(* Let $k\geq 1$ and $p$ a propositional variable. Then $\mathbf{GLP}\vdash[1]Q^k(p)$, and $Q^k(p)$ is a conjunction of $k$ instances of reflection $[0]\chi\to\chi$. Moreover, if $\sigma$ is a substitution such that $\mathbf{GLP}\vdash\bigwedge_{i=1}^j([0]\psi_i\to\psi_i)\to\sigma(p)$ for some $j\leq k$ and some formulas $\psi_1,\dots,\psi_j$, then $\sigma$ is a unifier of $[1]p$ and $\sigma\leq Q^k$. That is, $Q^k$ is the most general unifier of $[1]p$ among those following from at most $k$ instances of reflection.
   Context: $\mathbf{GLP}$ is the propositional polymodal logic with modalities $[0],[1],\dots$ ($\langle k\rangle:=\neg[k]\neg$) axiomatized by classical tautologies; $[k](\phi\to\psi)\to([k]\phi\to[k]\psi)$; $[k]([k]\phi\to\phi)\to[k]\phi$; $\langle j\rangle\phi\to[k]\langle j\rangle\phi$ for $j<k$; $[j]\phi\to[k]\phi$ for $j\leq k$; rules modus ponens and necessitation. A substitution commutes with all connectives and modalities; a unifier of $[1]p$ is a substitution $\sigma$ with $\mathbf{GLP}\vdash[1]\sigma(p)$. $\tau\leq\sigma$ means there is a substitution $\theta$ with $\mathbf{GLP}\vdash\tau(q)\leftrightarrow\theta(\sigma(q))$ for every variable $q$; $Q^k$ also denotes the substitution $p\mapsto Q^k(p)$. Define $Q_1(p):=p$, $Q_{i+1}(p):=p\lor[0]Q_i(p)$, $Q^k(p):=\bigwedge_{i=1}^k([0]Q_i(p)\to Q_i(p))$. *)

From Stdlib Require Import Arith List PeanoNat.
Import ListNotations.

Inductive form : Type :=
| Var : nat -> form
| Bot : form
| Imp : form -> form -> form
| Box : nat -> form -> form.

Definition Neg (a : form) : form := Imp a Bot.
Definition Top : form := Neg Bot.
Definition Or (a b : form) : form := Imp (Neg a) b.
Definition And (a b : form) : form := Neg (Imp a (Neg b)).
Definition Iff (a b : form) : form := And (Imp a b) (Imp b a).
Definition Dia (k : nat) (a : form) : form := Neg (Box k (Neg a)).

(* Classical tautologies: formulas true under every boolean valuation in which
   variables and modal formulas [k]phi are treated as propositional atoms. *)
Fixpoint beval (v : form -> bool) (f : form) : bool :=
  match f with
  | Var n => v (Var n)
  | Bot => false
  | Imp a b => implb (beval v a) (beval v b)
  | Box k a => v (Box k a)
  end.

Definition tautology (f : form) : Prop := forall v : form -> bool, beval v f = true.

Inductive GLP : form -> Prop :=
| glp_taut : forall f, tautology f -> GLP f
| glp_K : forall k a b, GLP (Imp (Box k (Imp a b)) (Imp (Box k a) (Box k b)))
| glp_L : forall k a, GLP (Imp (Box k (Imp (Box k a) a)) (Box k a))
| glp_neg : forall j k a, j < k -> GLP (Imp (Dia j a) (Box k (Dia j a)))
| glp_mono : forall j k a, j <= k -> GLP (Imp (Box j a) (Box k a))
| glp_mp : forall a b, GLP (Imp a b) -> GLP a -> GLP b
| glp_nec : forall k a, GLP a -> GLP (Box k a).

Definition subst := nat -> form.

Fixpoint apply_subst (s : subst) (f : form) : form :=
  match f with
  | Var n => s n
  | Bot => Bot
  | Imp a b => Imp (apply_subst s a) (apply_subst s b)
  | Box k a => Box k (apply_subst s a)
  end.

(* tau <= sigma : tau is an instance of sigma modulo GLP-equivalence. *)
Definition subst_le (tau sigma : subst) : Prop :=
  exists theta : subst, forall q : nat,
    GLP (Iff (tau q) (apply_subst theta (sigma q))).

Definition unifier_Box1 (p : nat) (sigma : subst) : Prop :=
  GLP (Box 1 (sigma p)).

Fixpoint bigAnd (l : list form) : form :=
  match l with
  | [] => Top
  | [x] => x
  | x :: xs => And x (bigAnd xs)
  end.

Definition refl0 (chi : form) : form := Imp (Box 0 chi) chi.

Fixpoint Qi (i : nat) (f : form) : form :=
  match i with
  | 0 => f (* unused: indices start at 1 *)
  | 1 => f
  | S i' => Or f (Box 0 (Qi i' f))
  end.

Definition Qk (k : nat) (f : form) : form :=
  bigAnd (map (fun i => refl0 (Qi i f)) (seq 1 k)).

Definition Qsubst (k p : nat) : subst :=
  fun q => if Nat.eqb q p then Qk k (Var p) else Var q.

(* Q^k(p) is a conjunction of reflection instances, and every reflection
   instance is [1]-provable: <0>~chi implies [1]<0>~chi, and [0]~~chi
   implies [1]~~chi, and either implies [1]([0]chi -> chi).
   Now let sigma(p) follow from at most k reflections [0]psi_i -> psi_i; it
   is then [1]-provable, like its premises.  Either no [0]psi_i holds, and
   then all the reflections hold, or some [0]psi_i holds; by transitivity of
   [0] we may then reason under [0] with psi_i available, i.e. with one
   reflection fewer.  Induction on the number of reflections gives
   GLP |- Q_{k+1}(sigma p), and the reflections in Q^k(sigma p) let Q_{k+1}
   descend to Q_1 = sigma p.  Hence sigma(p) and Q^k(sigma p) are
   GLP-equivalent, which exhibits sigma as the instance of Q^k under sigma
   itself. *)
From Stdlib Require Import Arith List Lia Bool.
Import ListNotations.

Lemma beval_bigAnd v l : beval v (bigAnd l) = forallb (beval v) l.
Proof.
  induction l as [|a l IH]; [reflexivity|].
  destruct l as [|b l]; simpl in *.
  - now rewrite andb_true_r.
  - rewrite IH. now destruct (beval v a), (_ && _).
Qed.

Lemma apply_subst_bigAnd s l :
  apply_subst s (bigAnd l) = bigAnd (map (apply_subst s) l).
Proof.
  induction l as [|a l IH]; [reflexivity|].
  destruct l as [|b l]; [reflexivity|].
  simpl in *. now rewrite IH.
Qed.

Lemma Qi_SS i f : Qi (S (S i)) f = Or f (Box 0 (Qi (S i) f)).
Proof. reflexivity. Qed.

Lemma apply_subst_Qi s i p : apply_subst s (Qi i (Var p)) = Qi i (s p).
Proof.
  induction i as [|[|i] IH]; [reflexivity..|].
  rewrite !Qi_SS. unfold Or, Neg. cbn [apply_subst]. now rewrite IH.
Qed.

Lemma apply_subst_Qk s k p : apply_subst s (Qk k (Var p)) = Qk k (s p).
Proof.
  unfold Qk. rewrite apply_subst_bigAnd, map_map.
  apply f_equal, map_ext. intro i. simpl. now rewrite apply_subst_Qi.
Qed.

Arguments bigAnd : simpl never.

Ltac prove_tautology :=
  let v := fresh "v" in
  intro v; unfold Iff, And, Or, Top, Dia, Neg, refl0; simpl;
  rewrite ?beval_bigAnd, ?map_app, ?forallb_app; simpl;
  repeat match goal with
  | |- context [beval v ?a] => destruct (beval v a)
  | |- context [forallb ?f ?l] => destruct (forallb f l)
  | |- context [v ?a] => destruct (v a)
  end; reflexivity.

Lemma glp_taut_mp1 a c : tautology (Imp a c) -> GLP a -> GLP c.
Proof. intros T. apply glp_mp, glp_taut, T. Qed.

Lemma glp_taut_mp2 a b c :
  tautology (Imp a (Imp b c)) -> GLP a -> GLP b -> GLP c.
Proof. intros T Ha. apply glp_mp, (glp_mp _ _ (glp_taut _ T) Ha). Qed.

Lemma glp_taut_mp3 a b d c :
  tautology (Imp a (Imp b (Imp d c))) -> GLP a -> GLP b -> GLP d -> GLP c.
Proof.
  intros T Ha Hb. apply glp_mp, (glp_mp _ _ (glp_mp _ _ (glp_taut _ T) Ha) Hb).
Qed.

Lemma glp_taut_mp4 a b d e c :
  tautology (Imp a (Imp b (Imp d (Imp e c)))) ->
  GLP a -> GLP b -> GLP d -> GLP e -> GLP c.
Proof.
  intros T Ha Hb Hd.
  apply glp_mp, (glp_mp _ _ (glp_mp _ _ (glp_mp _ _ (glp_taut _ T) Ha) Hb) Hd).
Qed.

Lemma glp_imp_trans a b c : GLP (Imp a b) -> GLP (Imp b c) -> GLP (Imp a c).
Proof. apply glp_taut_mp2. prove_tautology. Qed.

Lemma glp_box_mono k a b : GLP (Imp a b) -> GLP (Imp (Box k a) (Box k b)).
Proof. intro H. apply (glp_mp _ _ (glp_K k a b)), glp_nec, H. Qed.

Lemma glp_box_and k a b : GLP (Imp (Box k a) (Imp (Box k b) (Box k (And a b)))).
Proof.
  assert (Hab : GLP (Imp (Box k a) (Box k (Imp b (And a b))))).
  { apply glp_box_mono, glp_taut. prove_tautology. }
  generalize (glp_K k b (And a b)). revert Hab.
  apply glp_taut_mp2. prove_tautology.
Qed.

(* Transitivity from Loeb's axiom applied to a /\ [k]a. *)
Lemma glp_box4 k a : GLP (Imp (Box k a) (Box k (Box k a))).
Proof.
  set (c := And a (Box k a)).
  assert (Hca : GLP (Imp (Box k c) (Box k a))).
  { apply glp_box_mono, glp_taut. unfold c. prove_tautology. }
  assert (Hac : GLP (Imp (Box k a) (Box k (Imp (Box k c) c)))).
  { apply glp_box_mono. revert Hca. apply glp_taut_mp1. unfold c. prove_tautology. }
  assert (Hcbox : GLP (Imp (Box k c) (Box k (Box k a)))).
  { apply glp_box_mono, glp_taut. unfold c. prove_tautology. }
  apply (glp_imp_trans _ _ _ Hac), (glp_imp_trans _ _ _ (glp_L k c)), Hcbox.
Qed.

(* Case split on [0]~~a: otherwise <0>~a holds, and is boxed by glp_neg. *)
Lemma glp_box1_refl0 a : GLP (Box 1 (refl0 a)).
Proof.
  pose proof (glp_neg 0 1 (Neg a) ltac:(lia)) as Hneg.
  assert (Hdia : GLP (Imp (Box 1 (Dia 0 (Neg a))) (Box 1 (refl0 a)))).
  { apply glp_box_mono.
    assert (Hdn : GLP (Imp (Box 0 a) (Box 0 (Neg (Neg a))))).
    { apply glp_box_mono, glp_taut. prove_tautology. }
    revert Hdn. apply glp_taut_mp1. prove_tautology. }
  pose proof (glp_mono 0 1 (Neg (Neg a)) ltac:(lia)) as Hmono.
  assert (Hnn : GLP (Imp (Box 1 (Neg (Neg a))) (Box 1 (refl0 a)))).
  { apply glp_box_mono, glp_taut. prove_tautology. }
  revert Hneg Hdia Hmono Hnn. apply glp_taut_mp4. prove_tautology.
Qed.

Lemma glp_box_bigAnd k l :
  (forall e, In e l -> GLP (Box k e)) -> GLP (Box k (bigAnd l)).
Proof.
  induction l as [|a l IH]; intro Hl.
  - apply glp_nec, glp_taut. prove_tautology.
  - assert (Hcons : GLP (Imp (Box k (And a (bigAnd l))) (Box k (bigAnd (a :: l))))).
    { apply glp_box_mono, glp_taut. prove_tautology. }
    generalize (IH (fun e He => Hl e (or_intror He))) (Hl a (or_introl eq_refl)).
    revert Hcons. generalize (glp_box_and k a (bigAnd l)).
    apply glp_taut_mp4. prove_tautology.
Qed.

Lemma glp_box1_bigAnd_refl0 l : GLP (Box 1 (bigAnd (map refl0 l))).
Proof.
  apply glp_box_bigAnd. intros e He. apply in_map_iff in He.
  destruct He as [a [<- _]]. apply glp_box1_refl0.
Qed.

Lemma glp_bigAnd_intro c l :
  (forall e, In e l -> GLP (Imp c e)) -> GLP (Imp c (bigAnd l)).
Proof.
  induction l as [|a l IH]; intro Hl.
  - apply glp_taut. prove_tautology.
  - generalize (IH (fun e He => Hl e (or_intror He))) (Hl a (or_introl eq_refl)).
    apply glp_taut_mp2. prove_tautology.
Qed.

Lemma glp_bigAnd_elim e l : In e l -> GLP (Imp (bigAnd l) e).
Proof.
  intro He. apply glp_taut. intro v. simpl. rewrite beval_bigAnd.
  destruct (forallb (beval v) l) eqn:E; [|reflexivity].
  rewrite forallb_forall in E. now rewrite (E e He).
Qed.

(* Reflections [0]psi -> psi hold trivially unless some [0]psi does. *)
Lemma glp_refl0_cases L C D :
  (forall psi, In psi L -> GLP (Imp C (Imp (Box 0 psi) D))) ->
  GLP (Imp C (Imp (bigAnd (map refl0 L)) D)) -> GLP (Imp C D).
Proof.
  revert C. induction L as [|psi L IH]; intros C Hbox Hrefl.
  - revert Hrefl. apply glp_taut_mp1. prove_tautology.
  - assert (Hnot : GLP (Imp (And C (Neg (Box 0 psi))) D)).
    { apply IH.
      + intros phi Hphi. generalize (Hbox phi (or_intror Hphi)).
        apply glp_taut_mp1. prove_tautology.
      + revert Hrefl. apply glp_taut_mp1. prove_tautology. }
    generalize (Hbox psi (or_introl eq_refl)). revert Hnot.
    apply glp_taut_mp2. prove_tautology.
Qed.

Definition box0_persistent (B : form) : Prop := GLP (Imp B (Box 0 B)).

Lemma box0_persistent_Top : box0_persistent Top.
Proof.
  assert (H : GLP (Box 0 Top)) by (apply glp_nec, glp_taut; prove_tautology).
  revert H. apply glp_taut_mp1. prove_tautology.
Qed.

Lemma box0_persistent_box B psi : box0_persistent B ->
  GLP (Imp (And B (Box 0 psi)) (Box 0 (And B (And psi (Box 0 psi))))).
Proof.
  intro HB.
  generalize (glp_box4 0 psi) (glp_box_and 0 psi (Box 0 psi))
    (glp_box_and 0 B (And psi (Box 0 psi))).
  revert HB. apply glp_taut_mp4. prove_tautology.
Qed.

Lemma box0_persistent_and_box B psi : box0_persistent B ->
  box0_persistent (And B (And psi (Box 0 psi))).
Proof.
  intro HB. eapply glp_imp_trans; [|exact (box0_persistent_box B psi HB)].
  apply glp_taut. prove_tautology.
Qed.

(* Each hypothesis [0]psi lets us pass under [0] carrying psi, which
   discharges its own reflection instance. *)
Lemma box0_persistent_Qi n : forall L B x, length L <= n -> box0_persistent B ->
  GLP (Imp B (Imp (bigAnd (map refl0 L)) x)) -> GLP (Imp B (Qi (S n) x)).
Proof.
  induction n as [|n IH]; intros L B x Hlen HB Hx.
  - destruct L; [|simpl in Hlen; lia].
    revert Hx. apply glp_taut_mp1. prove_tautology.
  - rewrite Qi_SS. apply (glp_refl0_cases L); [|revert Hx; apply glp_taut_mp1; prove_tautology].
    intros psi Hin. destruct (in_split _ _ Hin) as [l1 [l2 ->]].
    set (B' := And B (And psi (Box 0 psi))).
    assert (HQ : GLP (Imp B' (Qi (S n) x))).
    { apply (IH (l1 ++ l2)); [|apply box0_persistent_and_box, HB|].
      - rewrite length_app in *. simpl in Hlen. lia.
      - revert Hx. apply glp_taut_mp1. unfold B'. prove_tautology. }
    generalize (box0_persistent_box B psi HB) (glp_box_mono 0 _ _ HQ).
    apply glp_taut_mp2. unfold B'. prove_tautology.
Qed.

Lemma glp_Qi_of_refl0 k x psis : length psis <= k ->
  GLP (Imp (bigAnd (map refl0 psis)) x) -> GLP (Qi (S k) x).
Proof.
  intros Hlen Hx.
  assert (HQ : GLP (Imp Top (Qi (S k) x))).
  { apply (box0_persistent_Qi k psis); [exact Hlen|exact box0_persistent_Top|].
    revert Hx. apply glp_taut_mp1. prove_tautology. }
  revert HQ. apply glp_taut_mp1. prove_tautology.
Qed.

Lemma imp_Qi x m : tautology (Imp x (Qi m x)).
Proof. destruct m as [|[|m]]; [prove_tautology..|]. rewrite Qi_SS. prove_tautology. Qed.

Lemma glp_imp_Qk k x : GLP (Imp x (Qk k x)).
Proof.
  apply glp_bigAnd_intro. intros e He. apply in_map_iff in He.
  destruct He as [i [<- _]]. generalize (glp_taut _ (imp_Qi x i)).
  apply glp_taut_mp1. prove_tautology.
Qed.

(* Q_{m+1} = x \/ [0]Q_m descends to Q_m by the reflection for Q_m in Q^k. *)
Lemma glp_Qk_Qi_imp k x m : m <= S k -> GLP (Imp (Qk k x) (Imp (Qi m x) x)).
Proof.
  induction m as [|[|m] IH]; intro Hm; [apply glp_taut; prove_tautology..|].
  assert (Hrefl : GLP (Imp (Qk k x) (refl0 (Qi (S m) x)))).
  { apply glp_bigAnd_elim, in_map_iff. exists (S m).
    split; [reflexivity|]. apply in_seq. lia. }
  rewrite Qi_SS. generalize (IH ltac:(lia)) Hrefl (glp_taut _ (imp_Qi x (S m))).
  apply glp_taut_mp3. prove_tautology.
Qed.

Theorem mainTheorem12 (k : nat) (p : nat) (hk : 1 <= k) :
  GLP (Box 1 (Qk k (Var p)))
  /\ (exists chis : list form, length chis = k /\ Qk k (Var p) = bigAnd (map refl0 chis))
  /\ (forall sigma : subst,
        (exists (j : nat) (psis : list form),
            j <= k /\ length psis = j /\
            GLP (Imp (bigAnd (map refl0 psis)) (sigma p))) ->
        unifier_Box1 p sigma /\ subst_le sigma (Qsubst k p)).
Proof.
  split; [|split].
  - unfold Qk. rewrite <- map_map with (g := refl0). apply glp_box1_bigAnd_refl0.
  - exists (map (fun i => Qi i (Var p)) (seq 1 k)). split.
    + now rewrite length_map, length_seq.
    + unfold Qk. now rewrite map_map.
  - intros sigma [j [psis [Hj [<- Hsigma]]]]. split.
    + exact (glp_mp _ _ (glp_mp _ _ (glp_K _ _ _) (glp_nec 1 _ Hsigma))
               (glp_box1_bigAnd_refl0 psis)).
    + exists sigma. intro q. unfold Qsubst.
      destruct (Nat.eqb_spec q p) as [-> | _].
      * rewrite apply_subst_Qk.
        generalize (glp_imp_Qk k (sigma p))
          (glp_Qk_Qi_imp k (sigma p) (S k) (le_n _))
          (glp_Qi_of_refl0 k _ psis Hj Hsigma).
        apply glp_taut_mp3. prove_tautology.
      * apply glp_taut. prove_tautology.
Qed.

──────────────────────────────

TASK BRIEF: Repeat, character for character, the lines of the material above from the line with "box0_persistent (And B" through the line with "- rewrite Qi_SS.".

EXERCISE RESPONSE:
  box0_persistent (And B (And psi (Box 0 psi))).
Proof.
  intro HB. eapply glp_imp_trans; [|exact (box0_persistent_box B psi HB)].
  apply glp_taut. prove_tautology.
Qed.

(* Each hypothesis [0]psi lets us pass under [0] carrying psi, which
   discharges its own reflection instance. *)
Lemma box0_persistent_Qi n : forall L B x, length L <= n -> box0_persistent B ->
  GLP (Imp B (Imp (bigAnd (map refl0 L)) x)) -> GLP (Imp B (Qi (S n) x)).
Proof.
  induction n as [|n IH]; intros L B x Hlen HB Hx.
  - destruct L; [|simpl in Hlen; lia].
    revert Hx. apply glp_taut_mp1. prove_tautology.
  - rewrite Qi_SS. apply (glp_refl0_cases L); [|revert Hx; apply glp_taut_mp1; prove_tautology].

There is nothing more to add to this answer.